╭─ MATERIAL PROVIDED
(* Consider the setting described in the context (decentralized affine nonlinear system, loop $j$, controller $K_{i,j}$ with $A_{jj}-B_{jj}K_{i,j}$ Hurwitz, sample times $t_0<\dots<t_l$, data trajectories, and a block-diagonal state transformation $S=\mathrm{diag}(S_1,\dots,S_N)$ with $S_j\in\mathrm{GL}(n_j)$). Let $\mathbf{A}_{i,j},\mathbf{b}_{i,j}$ be the dEIRL regression matrix and vector and $\tilde{\mathbf{A}}_{i,j},\tilde{\mathbf{b}}_{i,j}$ the MEE (modulated) regression matrix and vector. Then $P_{i,j}\in\mathbb{S}^{n_j}$, $P_{i,j}>0$, satisfies the dEIRL regression $\mathbf{A}_{i,j}\operatorname{svec}(P_{i,j})=\mathbf{b}_{i,j}$ if and only if $\tilde P_{i,j}=S_j^{-T}P_{i,j}S_j^{-1}$ satisfies the MEE regression $\tilde{\mathbf{A}}_{i,j}\operatorname{svec}(\tilde P_{i,j})=\tilde{\mathbf{b}}_{i,j}$. Furthermore, $$\tilde{\mathbf{A}}_{i,j}=\mathbf{A}_{i,j}(S_j\,\underline{\otimes}\, S_j)^T,\qquad \tilde{\mathbf{b}}_{i,j}=\mathbf{b}_{i,j}.$$
   Context: Symmetric Kronecker algebra: for $k\in\mathbb{N}$ let $\underline{k}=k(k+1)/2$, $\mathbb{S}^k$ the real symmetric $k\times k$ matrices, $\operatorname{vec}$ column-stacking, $\otimes$ the Kronecker product, $e_1,\dots,e_k$ the standard basis. Enumerate pairs $(r,c)$, $1\le r\le c\le k$, in the order $(1,1),\dots,(1,k),(2,2),\dots,(2,k),\dots,(k,k)$ as $(r(\ell),c(\ell))$; set $E_\ell=e_{r(\ell)}e_{r(\ell)}^T$ if $r(\ell)=c(\ell)$, $E_\ell=\frac{\sqrt2}{2}(e_{r(\ell)}e_{c(\ell)}^T+e_{c(\ell)}e_{r(\ell)}^T)$ otherwise; $W_k\in\mathbb{R}^{\underline{k}\times k^2}$ has $\ell$-th row $\operatorname{vec}(E_\ell)^T$. For $A,B\in\mathbb{R}^{p\times q}$, $A\,\underline{\otimes}\, B = W_p(A\otimes B)W_q^T$ (for row vectors $a^T,b^T$, $a,b\in\mathbb{R}^q$: $a^T\,\underline{\otimes}\, b^T=(a\otimes b)^TW_q^T$). $\operatorname{svec}(P)=W_k\operatorname{vec}(P)$ for $P\in\mathbb{S}^k$. For $t_0<\dots<t_l$ and $x,y:[t_0,t_l]\to\mathbb{R}^k$: $\delta_{x,y}\in\mathbb{R}^{l\times\underline{k}}$ has $k'$-th row $(x(t_{k'})+y(t_{k'-1}))^T\,\underline{\otimes}\,(x(t_{k'})-y(t_{k'-1}))^T$, and for square-integrable $x,y$, $I_{x,y}\in\mathbb{R}^{l\times\underline{k}}$ has $k'$-th row $\int_{t_{k'-1}}^{t_{k'}}x^T\,\underline{\otimes}\, y^T\,d\tau$. System: $\dot x=f(x)+g(x)u$, $x\in\mathbb{R}^n$, $u\in\mathbb{R}^m$, with $f(0)=0$, $f,g$ Lipschitz on a compact set containing the origin in its interior, and state partitioned into $N$ loops $x=(x_1,\dots,x_N)$, $x_j\in\mathbb{R}^{n_j}$, $u=(u_1,\dots,u_N)$, $u_j\in\mathbb{R}^{m_j}$, so that $\dot x_j=f_j(x)+g_j(x)u$ with $g_j(x)\in\mathbb{R}^{n_j\times m}$. $(A,B)$ is the linearization at $0$, with diagonal blocks $A_{jj}\in\mathbb{R}^{n_j\times n_j}$, $B_{jj}\in\mathbb{R}^{n_j\times m_j}$. Cost matrices $Q_j\in\mathbb{S}^{n_j}$, $Q_j\ge0$, $R_j\in\mathbb{S}^{m_j}$, $R_j>0$. Fix loop $j$ and $K_{i,j}\in\mathbb{R}^{m_j\times n_j}$ with $A_{jj}-B_{jj}K_{i,j}$ Hurwitz, and put $Q_{i,j}=Q_j+K_{i,j}^TR_jK_{i,j}$. Let $x(\cdot),u(\cdot)$ be a (square-integrable) state-input trajectory on $[t_0,t_l]$ and $w_j=f_j(x)-A_{jj}x_j$. The dEIRL regression is $\mathbf{A}_{i,j}=\delta_{x_j,x_j}-2\big[I_{x_j,x_j}(I_{n_j}\,\underline{\otimes}\, B_{jj}K_{i,j})^T+I_{x_j,g_j(x)u}+I_{x_j,w_j}\big]\in\mathbb{R}^{l\times\underline{n}_j}$, $\mathbf{b}_{i,j}=-I_{x_j,x_j}\operatorname{svec}(Q_{i,j})$. Modulation: $S=\mathrm{diag}(S_1,\dots,S_N)$, $S_j\in\mathrm{GL}(n_j)$, $\tilde x=Sx$, $\tilde x_j=S_jx_j$; $\tilde f_j=S_j\circ f_j\circ S^{-1}$, $\tilde g_j=S_j\circ g_j\circ S^{-1}$, $\tilde A_{jj}=S_jA_{jj}S_j^{-1}$, $\tilde B_{jj}=S_jB_{jj}$, $\tilde Q_j=S_j^{-T}Q_jS_j^{-1}$, $\tilde K_{i,j}=K_{i,j}S_j^{-1}$, $\tilde Q_{i,j}=\tilde Q_j+\tilde K_{i,j}^TR_j\tilde K_{i,j}$, $\tilde w_j=\tilde f_j(\tilde x)-\tilde A_{jj}\tilde x_j$. The MEE regression $(\tilde{\mathbf{A}}_{i,j},\tilde{\mathbf{b}}_{i,j})$ is defined by the same formulas as $(\mathbf{A}_{i,j},\mathbf{b}_{i,j})$ with every quantity replaced by its tilded counterpart (data $\tilde x_j$, $\tilde g_j(\tilde x)u$, $\tilde w_j$, $\tilde B_{jj}\tilde K_{i,j}$, $\tilde Q_{i,j}$). *)

From HB Require Import structures.
From mathcomp Require Import all_boot all_order all_algebra.
From mathcomp Require Import all_classical all_reals all_analysis.
From mathcomp Require Import mxtens complex.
╰─
In full and without alteration, copy the entries.

(* Consider the setting described in the context (decentralized affine nonlinear system, loop $j$, controller $K_{i,j}$ with $A_{jj}-B_{jj}K_{i,j}$ Hurwitz, sample times $t_0<\dots<t_l$, data trajectories, and a block-diagonal state transformation $S=\mathrm{diag}(S_1,\dots,S_N)$ with $S_j\in\mathrm{GL}(n_j)$). Let $\mathbf{A}_{i,j},\mathbf{b}_{i,j}$ be the dEIRL regression matrix and vector and $\tilde{\mathbf{A}}_{i,j},\tilde{\mathbf{b}}_{i,j}$ the MEE (modulated) regression matrix and vector. Then $P_{i,j}\in\mathbb{S}^{n_j}$, $P_{i,j}>0$, satisfies the dEIRL regression $\mathbf{A}_{i,j}\operatorname{svec}(P_{i,j})=\mathbf{b}_{i,j}$ if and only if $\tilde P_{i,j}=S_j^{-T}P_{i,j}S_j^{-1}$ satisfies the MEE regression $\tilde{\mathbf{A}}_{i,j}\operatorname{svec}(\tilde P_{i,j})=\tilde{\mathbf{b}}_{i,j}$. Furthermore, $$\tilde{\mathbf{A}}_{i,j}=\mathbf{A}_{i,j}(S_j\,\underline{\otimes}\, S_j)^T,\qquad \tilde{\mathbf{b}}_{i,j}=\mathbf{b}_{i,j}.$$
   Context: Symmetric Kronecker algebra: for $k\in\mathbb{N}$ let $\underline{k}=k(k+1)/2$, $\mathbb{S}^k$ the real symmetric $k\times k$ matrices, $\operatorname{vec}$ column-stacking, $\otimes$ the Kronecker product, $e_1,\dots,e_k$ the standard basis. Enumerate pairs $(r,c)$, $1\le r\le c\le k$, in the order $(1,1),\dots,(1,k),(2,2),\dots,(2,k),\dots,(k,k)$ as $(r(\ell),c(\ell))$; set $E_\ell=e_{r(\ell)}e_{r(\ell)}^T$ if $r(\ell)=c(\ell)$, $E_\ell=\frac{\sqrt2}{2}(e_{r(\ell)}e_{c(\ell)}^T+e_{c(\ell)}e_{r(\ell)}^T)$ otherwise; $W_k\in\mathbb{R}^{\underline{k}\times k^2}$ has $\ell$-th row $\operatorname{vec}(E_\ell)^T$. For $A,B\in\mathbb{R}^{p\times q}$, $A\,\underline{\otimes}\, B = W_p(A\otimes B)W_q^T$ (for row vectors $a^T,b^T$, $a,b\in\mathbb{R}^q$: $a^T\,\underline{\otimes}\, b^T=(a\otimes b)^TW_q^T$). $\operatorname{svec}(P)=W_k\operatorname{vec}(P)$ for $P\in\mathbb{S}^k$. For $t_0<\dots<t_l$ and $x,y:[t_0,t_l]\to\mathbb{R}^k$: $\delta_{x,y}\in\mathbb{R}^{l\times\underline{k}}$ has $k'$-th row $(x(t_{k'})+y(t_{k'-1}))^T\,\underline{\otimes}\,(x(t_{k'})-y(t_{k'-1}))^T$, and for square-integrable $x,y$, $I_{x,y}\in\mathbb{R}^{l\times\underline{k}}$ has $k'$-th row $\int_{t_{k'-1}}^{t_{k'}}x^T\,\underline{\otimes}\, y^T\,d\tau$. System: $\dot x=f(x)+g(x)u$, $x\in\mathbb{R}^n$, $u\in\mathbb{R}^m$, with $f(0)=0$, $f,g$ Lipschitz on a compact set containing the origin in its interior, and state partitioned into $N$ loops $x=(x_1,\dots,x_N)$, $x_j\in\mathbb{R}^{n_j}$, $u=(u_1,\dots,u_N)$, $u_j\in\mathbb{R}^{m_j}$, so that $\dot x_j=f_j(x)+g_j(x)u$ with $g_j(x)\in\mathbb{R}^{n_j\times m}$. $(A,B)$ is the linearization at $0$, with diagonal blocks $A_{jj}\in\mathbb{R}^{n_j\times n_j}$, $B_{jj}\in\mathbb{R}^{n_j\times m_j}$. Cost matrices $Q_j\in\mathbb{S}^{n_j}$, $Q_j\ge0$, $R_j\in\mathbb{S}^{m_j}$, $R_j>0$. Fix loop $j$ and $K_{i,j}\in\mathbb{R}^{m_j\times n_j}$ with $A_{jj}-B_{jj}K_{i,j}$ Hurwitz, and put $Q_{i,j}=Q_j+K_{i,j}^TR_jK_{i,j}$. Let $x(\cdot),u(\cdot)$ be a (square-integrable) state-input trajectory on $[t_0,t_l]$ and $w_j=f_j(x)-A_{jj}x_j$. The dEIRL regression is $\mathbf{A}_{i,j}=\delta_{x_j,x_j}-2\big[I_{x_j,x_j}(I_{n_j}\,\underline{\otimes}\, B_{jj}K_{i,j})^T+I_{x_j,g_j(x)u}+I_{x_j,w_j}\big]\in\mathbb{R}^{l\times\underline{n}_j}$, $\mathbf{b}_{i,j}=-I_{x_j,x_j}\operatorname{svec}(Q_{i,j})$. Modulation: $S=\mathrm{diag}(S_1,\dots,S_N)$, $S_j\in\mathrm{GL}(n_j)$, $\tilde x=Sx$, $\tilde x_j=S_jx_j$; $\tilde f_j=S_j\circ f_j\circ S^{-1}$, $\tilde g_j=S_j\circ g_j\circ S^{-1}$, $\tilde A_{jj}=S_jA_{jj}S_j^{-1}$, $\tilde B_{jj}=S_jB_{jj}$, $\tilde Q_j=S_j^{-T}Q_jS_j^{-1}$, $\tilde K_{i,j}=K_{i,j}S_j^{-1}$, $\tilde Q_{i,j}=\tilde Q_j+\tilde K_{i,j}^TR_j\tilde K_{i,j}$, $\tilde w_j=\tilde f_j(\tilde x)-\tilde A_{jj}\tilde x_j$. The MEE regression $(\tilde{\mathbf{A}}_{i,j},\tilde{\mathbf{b}}_{i,j})$ is defined by the same formulas as $(\mathbf{A}_{i,j},\mathbf{b}_{i,j})$ with every quantity replaced by its tilded counterpart (data $\tilde x_j$, $\tilde g_j(\tilde x)u$, $\tilde w_j$, $\tilde B_{jj}\tilde K_{i,j}$, $\tilde Q_{i,j}$). *)

From HB Require Import structures.
From mathcomp Require Import all_boot all_order all_algebra.
From mathcomp Require Import all_classical all_reals all_analysis.
From mathcomp Require Import mxtens complex.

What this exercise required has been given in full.